Tesco has been criticised by doctors and dieticians after it emerged that its “sweet free” checkout aisles – designed to help prevent children pestering parents into buying sweets and chocolate – still contain crisps.
It is the second healthy eating gaffe for the retail giant in less than a week. On Monday, Tesco was forced to withdraw an in-store raffle for its charity partner Diabetes UK because the ill-advised prize was a large hamper of chocolate Easter eggs.
Tesco’s sweet-free checkouts were designed to help stop customers making last-minute purchases which were bad for their health. At the time, managing director David Wood said the move was in response to customers who said “that removing sweets and chocolates from checkouts would help them make healthier choices”. The supermarket claims that some packets of crisps meet the criteria for display on these healthier shelves because they have no “red traffic light” ratings on their nutritional information.

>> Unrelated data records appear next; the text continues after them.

Lemma Jcost_gap_scaled_le (K Ks : 'M[RR]_(k, d)) (D Ds P : 'M[RR]_d) :
  stable K -> stable Ks -> state_cov_eq K D -> state_cov_eq Ks Ds -> cost_to_go_eq K P ->
  P^T = P ->
  lambda_min (Deps B Dxi sigma) / (opnorm Ds / lambda_min R) * (J K - J Ks)
  <= lambda_min (Deps B Dxi sigma) * frob (GK A B R P K) ^+ 2.
Proof.
move=> stK stKs DK DKs PK Psym; set c3 := opnorm Ds / lambda_min R.
have smin0 := lambda_min_ge0 Epsd.2.
(* This case includes lambda_min R = 0, where x / 0 = 0. *)
have [->|c30] := eqVneq c3 0; first by rewrite invr0 mulr0 mul0r mulr_ge0 ?sqr_ge0.
have lam0 : 0 < lambda_min R.
  rewrite lt_def (lambda_min_ge0 Rpsd.2) andbT.
  by apply: contra c30 => /eqP l0; rewrite /c3 l0 invr0 mulr0.
have c3pos : 0 < c3 by rewrite lt_def c30 divr_ge0 ?opnorm_ge0 // ltW.
have gap := Jcost_gap_le stK stKs DK DKs PK Psym (state_cov_psd stKs DKs) lam0
  (gain_hessian_ge (cost_to_go_psd stK PK)).
apply: le_trans (ler_wpM2l _ gap) _; first by rewrite divr_ge0 // ltW.
by rewrite -/c3 mulrA divfK.
Qed.

Lemma Jcost_descent (K Gh Ks : 'M[RR]_(k, d)) (b cD cP : RR) (D D' Ds P : 'M[RR]_d) :
  stable K -> stable (K - b *: Gh) -> stable Ks ->
  state_cov_eq K D -> state_cov_eq (K - b *: Gh) D' -> state_cov_eq Ks Ds ->
  cost_to_go_eq K P ->
  0 <= b -> 0 <= cD -> 0 <= cP -> loewner_le D' cD%:M -> loewner_le P cP%:M ->
  J (K - b *: Gh) - J K <=
    - b * (lambda_min (Deps B Dxi sigma) / (opnorm Ds / lambda_min R)) * (J K - J Ks)
    - b * (lambda_min (Deps B Dxi sigma) - b * cD * (opnorm R + cP * opnorm B ^+ 2))
      * frob Gh ^+ 2
    + b * cD * frob (GK A B R P K - Gh) ^+ 2.
Proof.
move=> stK stK' stKs DK DK' DKs PK b0 cD0 cP0 D'cD PcP.
apply: descent_bound_combine b0 _ (Jcost_step_le stK stK' DK DK' PK b0 cD0 cP0 D'cD PcP).
exact: Jcost_gap_scaled_le stK stKs DK DKs PK (loewner_le_scalar_sym PcP).
Qed.

End LQR.

Unset Implicit Arguments.
Local Close Scope classical_set_scope.

Theorem lemma7
  (d k : nat)
  (A : 'M[RR]_d) (B : 'M[RR]_(d, k)) (Q : 'M[RR]_d) (R : 'M[RR]_k)
  (Dxi : 'M[RR]_d) (sigma : RR)
  (hQ : pd Q) (hR : pd R) (hDxi : psd Dxi) (hsigma : 0 < sigma)
  (* optimal gain K* from the stabilizing solution P* of the Riccati equation *)
  (Pstar : 'M[RR]_d)
  (hPsym : symmx Pstar)
  (hDARE : Pstar = Q + A^T *m Pstar *m A
                   - A^T *m Pstar *m B *m invmx (R + B^T *m Pstar *m B)
                       *m B^T *m Pstar *m A)
  (hPstab : spectral_radius (A - B *m Kopt A B R Pstar) < 1)
  (* the algorithm *)
  (alpha beta : nat -> RR) (halpha : forall t, 0 < alpha t)
  (hbeta : forall t, 0 < beta t)
  (theta g : nat -> 'M[RR]_(d + k)) (K : nat -> 'M[RR]_(k, d))
  (htheta0 : theta 0%N = 0) (hK0 : K 0%N = 0)
  (htheta : forall t, theta t.+1 = theta t - alpha t *: g t)
  (hK : forall t, K t.+1 = K t - beta t *: Ghat (theta t) (K t))
  (* D_eps positive definite *)
  (hDeps : pd (Deps B Dxi sigma))
  (* uniform bounds *)
  (rho cA cE cth cK : RR)
  (hrho0 : 0 < rho) (hrho1 : rho < 1)
  (hcA : 0 < cA) (hcE : 0 < cE) (hcth : 0 < cth) (hcK : 0 < cK)
  (hrhoK : forall t, spectral_radius (A - B *m K t) <= rho)
  (hAK : forall t, opnorm (A - B *m K t) <= cA)
  (hE : forall t, opnorm (Emx A B (K t)) <= cE)
  (hth : forall t, frob (theta t) <= cth)
  (hKt : forall t, opnorm (K t) <= cK)
  (hKs : opnorm (Kopt A B R Pstar) <= cK)
  (* D_{K_t}, P_{K_t}, D_{K*} as solutions of their Lyapunov equations *)
  (DK PK : nat -> 'M[RR]_d) (DKs : 'M[RR]_d)
  (hDK : forall t, DK t = Deps B Dxi sigma
                          + (A - B *m K t) *m DK t *m (A - B *m K t)^T)
  (hPK : forall t, PK t = Q + (K t)^T *m R *m K t
                          + (A - B *m K t)^T *m PK t *m (A - B *m K t))
  (hDKs : DKs = Deps B Dxi sigma
                + (A - B *m Kopt A B R Pstar) *m DKs
                  *m (A - B *m Kopt A B R Pstar)^T)
  (cD cP : RR)
  (hcD : forall t, loewner_le (DK t) (cD%:M))
  (hcDs : loewner_le DKs (cD%:M))
  (hcP : forall t, loewner_le (PK t) (cP%:M)) :
  let J := Jcost A B Q R Dxi sigma in
  let smin := lambda_min (Deps B Dxi sigma) in
  let c3 := opnorm DKs / lambda_min R in
  forall t : nat,
    J (K t.+1) - J (K t)
    <= - beta t * (smin / c3) * (J (K t) - J (Kopt A B R Pstar))
       - beta t * (smin - beta t * cD * (opnorm R + cP * opnorm B ^+ 2))
         * frob (Ghat (theta t) (K t)) ^+ 2
       + beta t * cD * frob (GK A B R (PK t) (K t) - Ghat (theta t) (K t)) ^+ 2.
Proof.
move=> J smin c3 t.
have [d0|d0] := posnP d.
  have flat (M : 'M[RR]_(k, d)) : M = 0.
    by apply/matrixP => i j; exfalso; have := ltn_ord j; move: (nat_of_ord j); rewrite d0.
  rewrite (flat (K t.+1)) (flat (K t)) (flat (Kopt A B R Pstar)).
  rewrite (flat (Ghat _ _)) (flat (GK _ _ _ _ _ - _)) subrr frob0 expr0n !mulr0.
  by rewrite subrr addr0.
have stable t' : spectral_radius (A - B *m K t') < 1 := le_lt_trans (hrhoK t') hrho1.
have Qpsd := pd_psd hQ; have Rpsd := pd_psd hR; have Epsd := pd_psd hDeps.
have cD0 := loewner_le_scalar_ge0 d0 (state_cov_psd Epsd (stable t.+1) (hDK t.+1)) (hcD t.+1).
have cP0 := loewner_le_scalar_ge0 d0 (cost_to_go_psd Qpsd Rpsd (stable t) (hPK t)) (hcP t).
move: (stable t.+1) (hDK t.+1) (hcD t.+1); rewrite hK => stable1 DK1 cD1.
have descent := Jcost_descent Qpsd Rpsd Epsd (stable t) stable1 hPstab (hDK t) DK1 hDKs
  (hPK t) (ltW (hbeta t)) cD0 cP0 cD1 (hcP t).
exact: descent.
Qed.
Lemma op_execs_of_proj V j A o r B :
  proj V j = A ++ EvInv j o :: EvResp j r :: B -> In (o, Some r) (op_execs V).
Proof.
  revert A. induction V as [|e V IH]; intros A HV; [destruct A; discriminate|].
  unfold proj in HV; simpl in HV; fold (proj V j) in HV.
  destruct (Nat.eqb_spec (tid e) j).
  - destruct A as [|a A]; simpl in HV; injection HV as -> HV'.
    + left. rewrite next_resp_proj, HV'. reflexivity.
    + destruct a; simpl; [right|]; eapply IH; eauto.
  - destruct e; simpl; [right|]; eapply IH; eauto.
Qed.

Lemma op_execs_inv V o r : In (o, r) (op_execs V) -> exists k, In (EvInv k o) V.
Proof.
  induction V as [|[k o'|k r'] V IH]; simpl; [tauto| |].
  - intros [Heq|Hin]; [injection Heq as -> _; eauto|].
    destruct (IH Hin) as [k' ?]; eauto.
  - intros Hin; destruct (IH Hin) as [k' ?]; eauto.
Qed.

Lemma seq_ok_read_written cur l z u :
  seq_ok cur l -> In (InvRead z, Some (RespVal u)) l ->
  u = cur \/ exists y, In (InvWrite y u, Some RespOk) l.
Proof.
  revert cur. induction l as [|[o r] l IH]; intros cur Hs Hr; [destruct Hr|].
  destruct Hr as [Heq|Hr].
  - injection Heq as -> ->. left. apply Hs.
  - assert (Hcur : exists cur', seq_ok cur' l /\
              (cur' = cur \/ exists y, (o, r) = (InvWrite y cur', Some RespOk))).
    { destruct o; destruct r as [[]|]; simpl in Hs;
        try destruct Hs as [_ Hs]; eauto. }
    destruct Hcur as [cur' [Hs' Hcur']].
    destruct (IH _ Hs' Hr) as [->|[y' Hy']]; [|simpl; eauto].
    destruct Hcur' as [->|[y Hy]]; [auto|]. rewrite Hy; simpl; eauto.
Qed.

Lemma legal_read_written V x v :
  legal V -> In (InvRead x, Some (RespVal v)) (op_execs V) -> v <> 0 ->
  exists k, In (EvInv k (InvWrite x v)) V.
Proof.
  intros Hl Hr Hv0.
  assert (Hr' : In (InvRead x, Some (RespVal v)) (restrict_var x V)).
  { apply filter_In; simpl; rewrite Nat.eqb_refl; auto. }
  destruct (seq_ok_read_written _ _ _ _ (Hl x) Hr') as [->|[y Hw]]; [easy|].
  apply filter_In in Hw as [Hw Hy]; simpl in Hy; apply Nat.eqb_eq in Hy as ->.
  exact (op_execs_inv _ _ _ Hw).
Qed.

Lemma wf_alt_terminal_last i h A k r B :
  wf_alt i h -> h = A ++ EvResp k r :: B -> terminal r -> B = [].
Proof.
  intros Hwf; revert A; induction Hwf; intros A E T;
    destruct A as [|a [|b A]]; simpl in E; try discriminate;
    injection E; intros; subst; try contradiction; eauto.
  destruct A; discriminate.
Qed.

Lemma wf_alt_tryC_last i h A k B :
  wf_alt i h -> h = A ++ EvInv k InvTryC :: B -> B = [] \/ exists r, B = [EvResp i r].
Proof.
  intros Hwf; revert A; induction Hwf; intros A E;
    destruct A as [|a [|b A]]; simpl in E; try discriminate;
    injection E; intros; subst; eauto.
  - exfalso; apply H0; destruct H as [Hr|Hr]; subst r; [right|left]; reflexivity.
  - destruct A; discriminate.
Qed.

Lemma well_formed_alt H i : well_formed H -> wf_alt i (proj H i).
Proof. intros Hwf; destruct (Hwf i) as [->|(t & _ & W & _)]; [constructor | exact W]. Qed.

Lemma compl_suffix_inv k h e k' o :
  compl_suffix k h e -> In (EvInv k' o) e -> o = InvTryA.
Proof.
  unfold compl_suffix. intros C Hin.
  destruct (rev h) as [|[k1 o1|k1 [] ] t]; try destruct o1;
    repeat match goal with H : _ \/ _ |- _ => destruct H end; subst; simpl in Hin;
    intuition congruence.
Qed.

Lemma compl_suffix_commit k h e :
  compl_suffix k h e -> In (EvResp k RespC) e -> exists h' k', rev h = EvInv k' InvTryC :: h'.
Proof.
  unfold compl_suffix. intros C Hin.
  destruct (rev h) as [|[k1 o1|k1 [] ] t]; try destruct o1; eauto;
    repeat match goal with H : _ \/ _ |- _ => destruct H end; subst; simpl in Hin;
    intuition congruence.
Qed.

Lemma completion_write_in P C k x u :
  completion P C -> In (EvInv k (InvWrite x u)) C -> In (EvInv k (InvWrite x u)) P.
Proof.
  intros [E [-> HE]] Hin. apply in_app_or in Hin as [Hin|Hin]; [exact Hin|].
  assert (Hk : In (EvInv k (InvWrite x u)) (proj E k)) by (apply in_proj; auto).
  discriminate (compl_suffix_inv _ _ _ _ _ (HE k) Hk).
Qed.
Lemma sum_nchains k l : \sum_x \sum_y nchains k x y l = #|MC d l k|%:R.
Proof.
rewrite /nchains; under eq_bigr do rewrite exchange_big.
rewrite exchange_big /= -sum1_card natr_sum [RHS]big_mkcond /=.
apply: eq_bigr => t _; rewrite (bigD1 (thead t)) //= [X in _ + X]big1 ?addr0 => [|x]; last first.
  rewrite eq_sym => xt; apply: big1 => y _.
  by rewrite (tuple_eta t) /is_chain /= (negbTE xt) andFb !andbF.
rewrite (bigD1 (last (thead t) (behead t))) //= big1 ?addr0 => [|y]; last first.
  by rewrite eq_sym => yt; rewrite (tuple_eta t) /is_chain /= (negbTE yt) !andbF.
by rewrite inE (tuple_eta t) /is_chain /= !eqxx !andbT; case: (_ && _).
Qed.

Lemma nchains_neq0 k x y l :
  nchains k x y l != 0 -> exists t : k.+1.-tuple X, t \in MC d l k.
Proof.
case: (pickP (fun t : k.+1.-tuple X => is_chain l x y t)) => [t|none].
  by case/and4P=> sorted_t len_t _ _ _; exists t; rewrite inE sorted_t len_t.
by rewrite /nchains big1 ?eqxx // => t _; rewrite none.
Qed.

End Chains.

Lemma hahn_of_finite_below (R : realType) (f : R -> rat) :
  (forall L, exists s : seq R, forall l, f l != 0 -> l <= L -> l \in s) -> hahn f.
Proof.
move=> fin S S_supp [l0 Sl0]; have [s s_supp] := fin l0.
pose m := \big[Order.min/l0]_(l <- s | `[< S l >]) l.
exists m; split.
  by apply: big_ind => // [a b Sa Sb|l /asboolP//]; case: leP.
move=> l Sl; case: (leP l l0) => [le_l0|/ltW le_l0l]; first last.
  by apply: le_trans le_l0l; apply: bigmin_le_id.
by apply: ge_bigmin_seq; [exact: s_supp (S_supp _ Sl) le_l0 | apply/asboolP].
Qed.

Section Magnitude.
Variables (R : realType) (X : finType) (d : X -> X -> R).
Hypothesis hd : is_quasi_metric d.
Implicit Types (x y z : X) (l : R).

Definition min_dist : R := \big[Order.min/1]_(p : X * X | p.1 != p.2) d p.1 p.2.

Lemma min_dist_gt0 : 0 < min_dist.
Proof.
apply: (big_ind (fun v => 0 < v)) => // [a b a_gt0 b_gt0|[x y] /= xy].
  by rewrite lt_min a_gt0.
exact: dist_gt0.
Qed.

Lemma min_dist_le x y : x != y -> min_dist <= d x y.
Proof. by move=> xy; rewrite /min_dist (bigD1 (x, y)) //= ge_min lexx. Qed.
(* Let $\tilde f$ satisfy (H1), (H2) and (H3). For every real $M>0$ there exists $n_0\in\mathbb{N}$ such that for every compact set $\tilde K\subset\tilde A_0$ with $\mathrm{diam}\,p_1(\tilde K)\le M$ and every integer $n$ with $|n|\ge n_0$, we have $\tilde f^n(\tilde K)\cap\tilde K=\emptyset$.
   Context: Let $\tilde f$ be a homeomorphism of $\mathbb{R}^2$ isotopic to the identity and commuting with $T(x,y)=(x+1,y)$; $p_1$ is the first coordinate projection. For a horizontal line $\Gamma$, $U^+_\Gamma$ and $U^-_\Gamma$ denote the open half-planes above and below $\Gamma$. Hypotheses: (H1) $\Gamma_0,\Gamma_1,\Gamma_2$ are horizontal lines with $\Gamma_0\subset U^+_{\Gamma_1}$, $\Gamma_1\subset U^+_{\Gamma_2}$, and $\tilde f(\Gamma_j)\subset U^-_{\Gamma_j}$ for $j=0,1,2$; (H2) $\tilde f^n(\Gamma_0)\cap\Gamma_2\ne\emptyset$ for every integer $n\ge1$; (H3) for $i\in\{0,1\}$, letting $\tilde A_i$ be the closed band between $\Gamma_i$ and $\Gamma_{i+1}$, the sets $\Theta(\tilde A_0),\Theta(\tilde A_1)$ are non-empty and $\rho_{\Theta(\tilde A_0)}(\tilde f)\subset(0,+\infty)$, $\rho_{\Theta(\tilde A_1)}(\tilde f)\subset(-\infty,0)$. Here $\Theta(\tilde E)=\{x\in\tilde E:\tilde f^n(x)\in\tilde E\ \forall n\in\mathbb{Z}\}$, and for a closed $T$-invariant set $\tilde E$ contained in a horizontal band, $\rho_{\tilde E}(\tilde f)=\bigcap_{m\ge1}\mathrm{Cl}\big(\bigcup_{n\ge m}\{\frac1n(p_1(\tilde f^n(\tilde z))-p_1(\tilde z)): \tilde z\in\tilde E,\ \tilde f^n(\tilde z)\in\tilde E\}\big)$, closure in $\overline{\mathbb{R}}=\mathbb{R}\cup\{\pm\infty\}$. *)

From Stdlib Require Import Reals ZArith List.
Open Scope R_scope.

Definition pt : Type := (R * R)%type.

(* The max-metric on R^2 (induces the usual topology). *)
Definition dist2 (z w : pt) : R :=
  Rmax (Rabs (fst z - fst w)) (Rabs (snd z - snd w)).

Definition continuous2 (f : pt -> pt) : Prop :=
  forall z eps, 0 < eps -> exists delta, 0 < delta /\
    forall w, dist2 z w < delta -> dist2 (f z) (f w) < eps.

Definition is_homeo (f : pt -> pt) : Prop :=
  continuous2 f /\ exists g : pt -> pt, continuous2 g /\
    (forall z, g (f z) = z) /\ (forall z, f (g z) = z).

Definition isotopic_to_id (f : pt -> pt) : Prop :=
  exists H : R -> pt -> pt,
    (forall t z eps, 0 <= t <= 1 -> 0 < eps -> exists delta, 0 < delta /\
       forall s w, 0 <= s <= 1 -> Rabs (t - s) < delta -> dist2 z w < delta ->
         dist2 (H t z) (H s w) < eps) /\
    (forall t, 0 <= t <= 1 -> is_homeo (H t)) /\
    (forall z, H 0 z = z) /\ (forall z, H 1 z = f z).

Definition T (z : pt) : pt := (fst z + 1, snd z).

Definition p1 (z : pt) : R := fst z.

Definition fpow (f finv : pt -> pt) (n : Z) (z : pt) : pt :=
  match n with
  | Z0 => z
  | Zpos p => Nat.iter (Pos.to_nat p) f z
  | Zneg p => Nat.iter (Pos.to_nat p) finv z
  end.

Definition hline (c : R) (z : pt) : Prop := snd z = c.
Definition Uplus (c : R) (z : pt) : Prop := c < snd z.
Definition Uminus (c : R) (z : pt) : Prop := snd z < c.

Definition band (chi clo : R) (z : pt) : Prop := clo <= snd z <= chi.

Definition Theta (f finv : pt -> pt) (E : pt -> Prop) (z : pt) : Prop :=
  E z /\ forall n : Z, E (fpow f finv n z).

Inductive ERbar : Type := Fin (r : R) | PInf | MInf.

Definition in_closure (v : ERbar) (S : R -> Prop) : Prop :=
  match v with
  | Fin a => forall eps, 0 < eps -> exists r, S r /\ Rabs (r - a) < eps
  | PInf => forall B, exists r, S r /\ B < r
  | MInf => forall B, exists r, S r /\ r < B
  end.

Definition rot_set (f finv : pt -> pt) (E : pt -> Prop) (v : ERbar) : Prop :=
  forall m : nat, (1 <= m)%nat ->
    in_closure v (fun r => exists (n : nat) (z : pt),
      (m <= n)%nat /\ E z /\ E (fpow f finv (Z.of_nat n) z) /\
      r = (p1 (fpow f finv (Z.of_nat n) z) - p1 z) / INR n).

Definition open2 (U : pt -> Prop) : Prop :=
  forall z, U z -> exists eps, 0 < eps /\ forall w, dist2 z w < eps -> U w.

Definition compact2 (K : pt -> Prop) : Prop :=
  forall (I : Type) (U : I -> pt -> Prop),
    (forall i, open2 (U i)) -> (forall z, K z -> exists i, U i z) ->
    exists l : list I, forall z, K z -> exists i, In i l /\ U i z.

From Stdlib Require Import Reals ZArith List Lra Lia Classical ClassicalEpsilon.
Open Scope R_scope.

(* A homeomorphism that pushes a horizontal line below itself maps one of the two
   open half-planes bounded by the line below it; (H1) and (H3) rule out the wrong
   alternative at the lines y = c0 and y = c1, so f maps the closed half-planes
   below them strictly into themselves and an orbit segment with both ends in the
   band A0 stays in A0.  Positivity of the rotation set of Theta(A0) yields N with
   drift > 1 over N steps on Theta(A0); by compactness of A0 modulo T the drift
   over N steps stays > 1/2 at points whose orbit remains in A0 for L steps on both
   sides.  Summing over consecutive blocks, long orbit segments from A0 to A0 move
   to the right by more than any M, which is incompatible with p1(K) having
   diameter <= M.  Only (H1) at c0, c1 and (H3) for A0 are needed, and K need not
   be compact. *)

Definition continuousR (F : pt -> R) : Prop :=
  forall z eps, 0 < eps -> exists delta, 0 < delta /\
    forall w, dist2 z w < delta -> Rabs (F z - F w) < eps.

Lemma dist2_fst z w : Rabs (fst z - fst w) <= dist2 z w.
Proof. apply Rmax_l. Qed.

Lemma dist2_snd z w : Rabs (snd z - snd w) <= dist2 z w.
Proof. apply Rmax_r. Qed.

Lemma dist2_lt z w d :
  Rabs (fst z - fst w) < d -> Rabs (snd z - snd w) < d -> dist2 z w < d.
Proof. intros; apply Rmax_lub_lt; assumption. Qed.

Lemma dist2_sym z w : dist2 z w = dist2 w z.
Proof. unfold dist2; rewrite (Rabs_minus_sym (fst z)), (Rabs_minus_sym (snd z)); reflexivity. Qed.

Lemma continuousR_fst : continuousR fst.
Proof.
  intros z e He; exists e; split; [exact He|]; intros w Hw; pose proof (dist2_fst z w); lra.
Qed.

Lemma continuousR_snd : continuousR snd.
Proof.
  intros z e He; exists e; split; [exact He|]; intros w Hw; pose proof (dist2_snd z w); lra.
Qed.

Lemma continuousR_comp F g : continuousR F -> continuous2 g -> continuousR (fun z => F (g z)).
Proof.
  intros HF Hg z e He. destruct (HF (g z) e He) as [d1 [Hd1 H1]].
  destruct (Hg z d1 Hd1) as [d2 [Hd2 H2]]. exists d2; split; auto.
Qed.

Lemma continuousR_minus F G : continuousR F -> continuousR G -> continuousR (fun z => F z - G z).
Proof.
  intros HF HG z e He.
  destruct (HF z (e/2)) as [d1 [Hd1 H1]]; [lra|].
  destruct (HG z (e/2)) as [d2 [Hd2 H2]]; [lra|].
  exists (Rmin d1 d2); split; [now apply Rmin_pos|].
  intros w Hw. pose proof (Rmin_l d1 d2); pose proof (Rmin_r d1 d2).
  specialize (H1 w ltac:(lra)); specialize (H2 w ltac:(lra)).
  replace (F z - G z - (F w - G w)) with ((F z - F w) - (G z - G w)) by ring.
  eapply Rle_lt_trans; [apply Rabs_triang|]. rewrite Rabs_Ropp. lra.
Qed.

Lemma continuousR_const a : continuousR (fun _ => a).
Proof. intros z e He; exists 1; split; [lra|]; intros; rewrite Rminus_diag, Rabs_R0; exact He. Qed.

Lemma continuous2_comp g h : continuous2 g -> continuous2 h -> continuous2 (fun z => g (h z)).
Proof.
  intros Hg Hh z e He. destruct (Hg (h z) e He) as [d1 [Hd1 H1]].
  destruct (Hh z d1 Hd1) as [d2 [Hd2 H2]]. exists d2; split; auto.
Qed.

Lemma continuous2_iter g k : continuous2 g -> continuous2 (Nat.iter k g).
Proof.
  intros Hg; induction k as [|k IH]; simpl.
  - intros z e He; exists e; split; auto.
  - exact (continuous2_comp g _ Hg IH).
Qed.

Definition segment (p q : pt) (t : R) : pt :=
  (fst p + t * (fst q - fst p), snd p + t * (snd q - snd p)).

Lemma segment_0 p q : segment p q 0 = p.
Proof. unfold segment; rewrite !Rmult_0_l, !Rplus_0_r; destruct p; reflexivity. Qed.

Lemma segment_1 p q : segment p q 1 = q.
Proof. unfold segment; destruct q; simpl; f_equal; ring. Qed.

Lemma dist2_segment p q s t :
  dist2 (segment p q s) (segment p q t) = Rabs (s - t) * dist2 p q.
Proof.
  unfold dist2, segment; simpl.
  replace (fst p + s * (fst q - fst p) - (fst p + t * (fst q - fst p)))
    with ((s - t) * - (fst p - fst q)) by ring.
  replace (snd p + s * (snd q - snd p) - (snd p + t * (snd q - snd p)))
    with ((s - t) * - (snd p - snd q)) by ring.
  rewrite !Rabs_mult, !Rabs_Ropp, RmaxRmult; [reflexivity | apply Rabs_pos].
Qed.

However, experts say these products are just as unhealthy as banned sweets and chocolates.
A spokesperson for Tesco said the company shared “the same objectives” as Dr Malhotra and hoped other retailers would also introduce a healthier selection near the checkout. “We’ve done our research and are confident that we’ve replaced sweets and chocolates on the checkouts with a wide variety of healthier snacks that appeal to customers including wholefoods,” he said.
Dr Duane Mellor, a spokesperson for the British Dietetic Association, said the red-traffic-light system could not be guaranteed to encourage healthy choices because processed foods with amber ratings still contained “quite a lot of fat, salt and other things.
“Ideally we want fresh stuff at the checkouts.”